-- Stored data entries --
* * * * * * *

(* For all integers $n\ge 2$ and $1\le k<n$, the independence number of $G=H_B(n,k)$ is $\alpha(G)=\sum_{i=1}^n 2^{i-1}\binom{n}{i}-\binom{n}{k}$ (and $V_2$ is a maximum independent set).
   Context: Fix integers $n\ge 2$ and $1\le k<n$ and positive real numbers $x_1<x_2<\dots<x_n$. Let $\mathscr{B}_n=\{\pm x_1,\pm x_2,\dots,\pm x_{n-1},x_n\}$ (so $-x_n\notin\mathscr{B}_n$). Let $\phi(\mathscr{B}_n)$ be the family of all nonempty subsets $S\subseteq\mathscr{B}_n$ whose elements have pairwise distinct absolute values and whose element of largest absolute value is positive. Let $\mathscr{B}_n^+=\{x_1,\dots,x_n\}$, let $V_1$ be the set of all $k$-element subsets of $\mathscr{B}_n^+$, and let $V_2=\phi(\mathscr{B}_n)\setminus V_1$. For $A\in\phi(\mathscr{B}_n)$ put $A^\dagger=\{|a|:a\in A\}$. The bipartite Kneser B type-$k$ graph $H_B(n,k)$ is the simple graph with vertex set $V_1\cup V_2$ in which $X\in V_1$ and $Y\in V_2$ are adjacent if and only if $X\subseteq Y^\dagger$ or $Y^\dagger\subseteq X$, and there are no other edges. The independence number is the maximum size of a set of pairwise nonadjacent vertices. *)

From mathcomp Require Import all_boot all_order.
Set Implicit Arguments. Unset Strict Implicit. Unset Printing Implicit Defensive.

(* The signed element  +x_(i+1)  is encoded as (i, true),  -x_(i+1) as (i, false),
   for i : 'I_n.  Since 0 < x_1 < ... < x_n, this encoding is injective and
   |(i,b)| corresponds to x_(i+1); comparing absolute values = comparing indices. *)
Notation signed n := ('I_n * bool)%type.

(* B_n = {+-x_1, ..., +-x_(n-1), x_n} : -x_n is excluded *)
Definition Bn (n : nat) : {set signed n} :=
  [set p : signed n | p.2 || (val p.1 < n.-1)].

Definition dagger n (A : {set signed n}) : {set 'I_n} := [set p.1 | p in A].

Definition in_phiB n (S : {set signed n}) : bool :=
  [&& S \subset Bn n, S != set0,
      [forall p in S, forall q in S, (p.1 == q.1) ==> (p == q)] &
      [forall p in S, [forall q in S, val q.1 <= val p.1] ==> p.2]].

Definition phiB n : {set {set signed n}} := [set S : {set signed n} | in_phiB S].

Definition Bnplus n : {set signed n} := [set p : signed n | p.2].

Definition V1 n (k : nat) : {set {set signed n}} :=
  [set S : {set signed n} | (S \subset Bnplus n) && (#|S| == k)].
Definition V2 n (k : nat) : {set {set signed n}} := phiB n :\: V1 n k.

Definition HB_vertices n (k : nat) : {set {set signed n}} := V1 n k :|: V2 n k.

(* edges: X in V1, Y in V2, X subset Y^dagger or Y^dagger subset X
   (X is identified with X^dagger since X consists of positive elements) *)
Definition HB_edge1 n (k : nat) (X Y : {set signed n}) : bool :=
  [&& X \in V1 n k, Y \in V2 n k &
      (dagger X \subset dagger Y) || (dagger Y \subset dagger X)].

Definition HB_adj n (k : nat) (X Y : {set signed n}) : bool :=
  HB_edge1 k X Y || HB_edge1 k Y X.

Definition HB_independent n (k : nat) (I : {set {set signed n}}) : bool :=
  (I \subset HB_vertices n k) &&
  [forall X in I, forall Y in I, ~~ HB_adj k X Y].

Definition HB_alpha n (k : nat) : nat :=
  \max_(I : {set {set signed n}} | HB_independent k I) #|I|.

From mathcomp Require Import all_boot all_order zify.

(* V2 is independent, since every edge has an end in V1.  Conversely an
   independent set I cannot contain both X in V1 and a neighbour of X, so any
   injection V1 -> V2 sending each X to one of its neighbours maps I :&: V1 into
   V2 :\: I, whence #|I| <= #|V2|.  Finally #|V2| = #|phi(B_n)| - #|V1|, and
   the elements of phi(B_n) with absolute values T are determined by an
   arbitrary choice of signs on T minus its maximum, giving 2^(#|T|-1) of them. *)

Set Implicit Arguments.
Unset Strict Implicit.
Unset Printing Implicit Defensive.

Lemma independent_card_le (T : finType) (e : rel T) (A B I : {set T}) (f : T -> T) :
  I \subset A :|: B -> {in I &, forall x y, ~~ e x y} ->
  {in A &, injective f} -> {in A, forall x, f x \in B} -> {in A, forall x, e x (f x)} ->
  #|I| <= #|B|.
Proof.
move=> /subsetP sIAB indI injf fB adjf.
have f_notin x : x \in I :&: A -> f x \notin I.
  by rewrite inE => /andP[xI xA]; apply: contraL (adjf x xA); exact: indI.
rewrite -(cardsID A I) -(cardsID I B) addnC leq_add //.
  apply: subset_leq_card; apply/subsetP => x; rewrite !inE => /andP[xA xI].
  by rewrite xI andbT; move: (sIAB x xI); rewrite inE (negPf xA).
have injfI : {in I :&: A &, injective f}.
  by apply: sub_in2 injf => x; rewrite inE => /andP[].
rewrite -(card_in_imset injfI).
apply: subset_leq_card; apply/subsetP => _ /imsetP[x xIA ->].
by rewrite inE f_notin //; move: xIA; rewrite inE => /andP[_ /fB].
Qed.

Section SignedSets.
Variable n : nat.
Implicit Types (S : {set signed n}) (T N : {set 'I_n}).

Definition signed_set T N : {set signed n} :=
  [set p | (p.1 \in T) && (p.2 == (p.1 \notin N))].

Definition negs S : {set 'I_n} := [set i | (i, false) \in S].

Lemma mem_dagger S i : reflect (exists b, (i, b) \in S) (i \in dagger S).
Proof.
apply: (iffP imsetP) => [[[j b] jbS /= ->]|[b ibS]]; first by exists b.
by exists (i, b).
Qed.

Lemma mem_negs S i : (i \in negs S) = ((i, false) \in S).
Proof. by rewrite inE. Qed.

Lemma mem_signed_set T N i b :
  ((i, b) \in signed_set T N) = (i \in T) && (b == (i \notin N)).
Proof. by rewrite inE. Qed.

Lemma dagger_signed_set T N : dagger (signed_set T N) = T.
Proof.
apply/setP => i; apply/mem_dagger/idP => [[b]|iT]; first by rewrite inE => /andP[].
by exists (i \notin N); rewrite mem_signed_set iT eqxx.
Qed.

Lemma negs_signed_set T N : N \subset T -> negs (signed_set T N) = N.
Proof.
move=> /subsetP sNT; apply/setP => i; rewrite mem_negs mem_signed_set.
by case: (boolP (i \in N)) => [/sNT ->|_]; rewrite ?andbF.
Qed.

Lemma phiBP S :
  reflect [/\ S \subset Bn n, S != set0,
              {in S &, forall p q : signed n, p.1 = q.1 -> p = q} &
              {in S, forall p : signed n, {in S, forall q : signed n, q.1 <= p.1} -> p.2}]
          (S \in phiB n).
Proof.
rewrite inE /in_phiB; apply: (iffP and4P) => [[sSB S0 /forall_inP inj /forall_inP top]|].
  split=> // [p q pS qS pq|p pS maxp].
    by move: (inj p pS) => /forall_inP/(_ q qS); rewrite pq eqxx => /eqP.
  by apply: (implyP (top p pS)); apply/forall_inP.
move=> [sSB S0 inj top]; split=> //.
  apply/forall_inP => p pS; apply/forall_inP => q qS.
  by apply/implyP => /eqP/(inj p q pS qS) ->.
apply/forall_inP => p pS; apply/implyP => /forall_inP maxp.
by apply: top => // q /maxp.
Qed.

* * * * * * *

-- Your objective --
Nothing in the data may be left out; copy every line exactly.

-- Answer area --
(* For all integers $n\ge 2$ and $1\le k<n$, the independence number of $G=H_B(n,k)$ is $\alpha(G)=\sum_{i=1}^n 2^{i-1}\binom{n}{i}-\binom{n}{k}$ (and $V_2$ is a maximum independent set).
   Context: Fix integers $n\ge 2$ and $1\le k<n$ and positive real numbers $x_1<x_2<\dots<x_n$. Let $\mathscr{B}_n=\{\pm x_1,\pm x_2,\dots,\pm x_{n-1},x_n\}$ (so $-x_n\notin\mathscr{B}_n$). Let $\phi(\mathscr{B}_n)$ be the family of all nonempty subsets $S\subseteq\mathscr{B}_n$ whose elements have pairwise distinct absolute values and whose element of largest absolute value is positive. Let $\mathscr{B}_n^+=\{x_1,\dots,x_n\}$, let $V_1$ be the set of all $k$-element subsets of $\mathscr{B}_n^+$, and let $V_2=\phi(\mathscr{B}_n)\setminus V_1$. For $A\in\phi(\mathscr{B}_n)$ put $A^\dagger=\{|a|:a\in A\}$. The bipartite Kneser B type-$k$ graph $H_B(n,k)$ is the simple graph with vertex set $V_1\cup V_2$ in which $X\in V_1$ and $Y\in V_2$ are adjacent if and only if $X\subseteq Y^\dagger$ or $Y^\dagger\subseteq X$, and there are no other edges. The independence number is the maximum size of a set of pairwise nonadjacent vertices. *)

From mathcomp Require Import all_boot all_order.
Set Implicit Arguments. Unset Strict Implicit. Unset Printing Implicit Defensive.

(* The signed element  +x_(i+1)  is encoded as (i, true),  -x_(i+1) as (i, false),
   for i : 'I_n.  Since 0 < x_1 < ... < x_n, this encoding is injective and
   |(i,b)| corresponds to x_(i+1); comparing absolute values = comparing indices. *)
Notation signed n := ('I_n * bool)%type.

(* B_n = {+-x_1, ..., +-x_(n-1), x_n} : -x_n is excluded *)
Definition Bn (n : nat) : {set signed n} :=
  [set p : signed n | p.2 || (val p.1 < n.-1)].

Definition dagger n (A : {set signed n}) : {set 'I_n} := [set p.1 | p in A].

Definition in_phiB n (S : {set signed n}) : bool :=
  [&& S \subset Bn n, S != set0,
      [forall p in S, forall q in S, (p.1 == q.1) ==> (p == q)] &
      [forall p in S, [forall q in S, val q.1 <= val p.1] ==> p.2]].

Definition phiB n : {set {set signed n}} := [set S : {set signed n} | in_phiB S].

Definition Bnplus n : {set signed n} := [set p : signed n | p.2].

Definition V1 n (k : nat) : {set {set signed n}} :=
  [set S : {set signed n} | (S \subset Bnplus n) && (#|S| == k)].
Definition V2 n (k : nat) : {set {set signed n}} := phiB n :\: V1 n k.

Definition HB_vertices n (k : nat) : {set {set signed n}} := V1 n k :|: V2 n k.

(* edges: X in V1, Y in V2, X subset Y^dagger or Y^dagger subset X
   (X is identified with X^dagger since X consists of positive elements) *)
Definition HB_edge1 n (k : nat) (X Y : {set signed n}) : bool :=
  [&& X \in V1 n k, Y \in V2 n k &
      (dagger X \subset dagger Y) || (dagger Y \subset dagger X)].

Definition HB_adj n (k : nat) (X Y : {set signed n}) : bool :=
  HB_edge1 k X Y || HB_edge1 k Y X.

Definition HB_independent n (k : nat) (I : {set {set signed n}}) : bool :=
  (I \subset HB_vertices n k) &&
  [forall X in I, forall Y in I, ~~ HB_adj k X Y].

Definition HB_alpha n (k : nat) : nat :=
  \max_(I : {set {set signed n}} | HB_independent k I) #|I|.

From mathcomp Require Import all_boot all_order zify.

(* V2 is independent, since every edge has an end in V1.  Conversely an
   independent set I cannot contain both X in V1 and a neighbour of X, so any
   injection V1 -> V2 sending each X to one of its neighbours maps I :&: V1 into
   V2 :\: I, whence #|I| <= #|V2|.  Finally #|V2| = #|phi(B_n)| - #|V1|, and
   the elements of phi(B_n) with absolute values T are determined by an
   arbitrary choice of signs on T minus its maximum, giving 2^(#|T|-1) of them. *)

Set Implicit Arguments.
Unset Strict Implicit.
Unset Printing Implicit Defensive.

Lemma independent_card_le (T : finType) (e : rel T) (A B I : {set T}) (f : T -> T) :
  I \subset A :|: B -> {in I &, forall x y, ~~ e x y} ->
  {in A &, injective f} -> {in A, forall x, f x \in B} -> {in A, forall x, e x (f x)} ->
  #|I| <= #|B|.
Proof.
move=> /subsetP sIAB indI injf fB adjf.
have f_notin x : x \in I :&: A -> f x \notin I.
  by rewrite inE => /andP[xI xA]; apply: contraL (adjf x xA); exact: indI.
rewrite -(cardsID A I) -(cardsID I B) addnC leq_add //.
  apply: subset_leq_card; apply/subsetP => x; rewrite !inE => /andP[xA xI].
  by rewrite xI andbT; move: (sIAB x xI); rewrite inE (negPf xA).
have injfI : {in I :&: A &, injective f}.
  by apply: sub_in2 injf => x; rewrite inE => /andP[].
rewrite -(card_in_imset injfI).
apply: subset_leq_card; apply/subsetP => _ /imsetP[x xIA ->].
by rewrite inE f_notin //; move: xIA; rewrite inE => /andP[_ /fB].
Qed.

Section SignedSets.
Variable n : nat.
Implicit Types (S : {set signed n}) (T N : {set 'I_n}).

Definition signed_set T N : {set signed n} :=
  [set p | (p.1 \in T) && (p.2 == (p.1 \notin N))].

Definition negs S : {set 'I_n} := [set i | (i, false) \in S].

Lemma mem_dagger S i : reflect (exists b, (i, b) \in S) (i \in dagger S).
Proof.
apply: (iffP imsetP) => [[[j b] jbS /= ->]|[b ibS]]; first by exists b.
by exists (i, b).
Qed.

Lemma mem_negs S i : (i \in negs S) = ((i, false) \in S).
Proof. by rewrite inE. Qed.

Lemma mem_signed_set T N i b :
  ((i, b) \in signed_set T N) = (i \in T) && (b == (i \notin N)).
Proof. by rewrite inE. Qed.

Lemma dagger_signed_set T N : dagger (signed_set T N) = T.
Proof.
apply/setP => i; apply/mem_dagger/idP => [[b]|iT]; first by rewrite inE => /andP[].
by exists (i \notin N); rewrite mem_signed_set iT eqxx.
Qed.

Lemma negs_signed_set T N : N \subset T -> negs (signed_set T N) = N.
Proof.
move=> /subsetP sNT; apply/setP => i; rewrite mem_negs mem_signed_set.
by case: (boolP (i \in N)) => [/sNT ->|_]; rewrite ?andbF.
Qed.

Lemma phiBP S :
  reflect [/\ S \subset Bn n, S != set0,
              {in S &, forall p q : signed n, p.1 = q.1 -> p = q} &
              {in S, forall p : signed n, {in S, forall q : signed n, q.1 <= p.1} -> p.2}]
          (S \in phiB n).
Proof.
rewrite inE /in_phiB; apply: (iffP and4P) => [[sSB S0 /forall_inP inj /forall_inP top]|].
  split=> // [p q pS qS pq|p pS maxp].
    by move: (inj p pS) => /forall_inP/(_ q qS); rewrite pq eqxx => /eqP.
  by apply: (implyP (top p pS)); apply/forall_inP.
move=> [sSB S0 inj top]; split=> //.
  apply/forall_inP => p pS; apply/forall_inP => q qS.
  by apply/implyP => /eqP/(inj p q pS qS) ->.
apply/forall_inP => p pS; apply/implyP => /forall_inP maxp.
by apply: top => // q /maxp.
Qed.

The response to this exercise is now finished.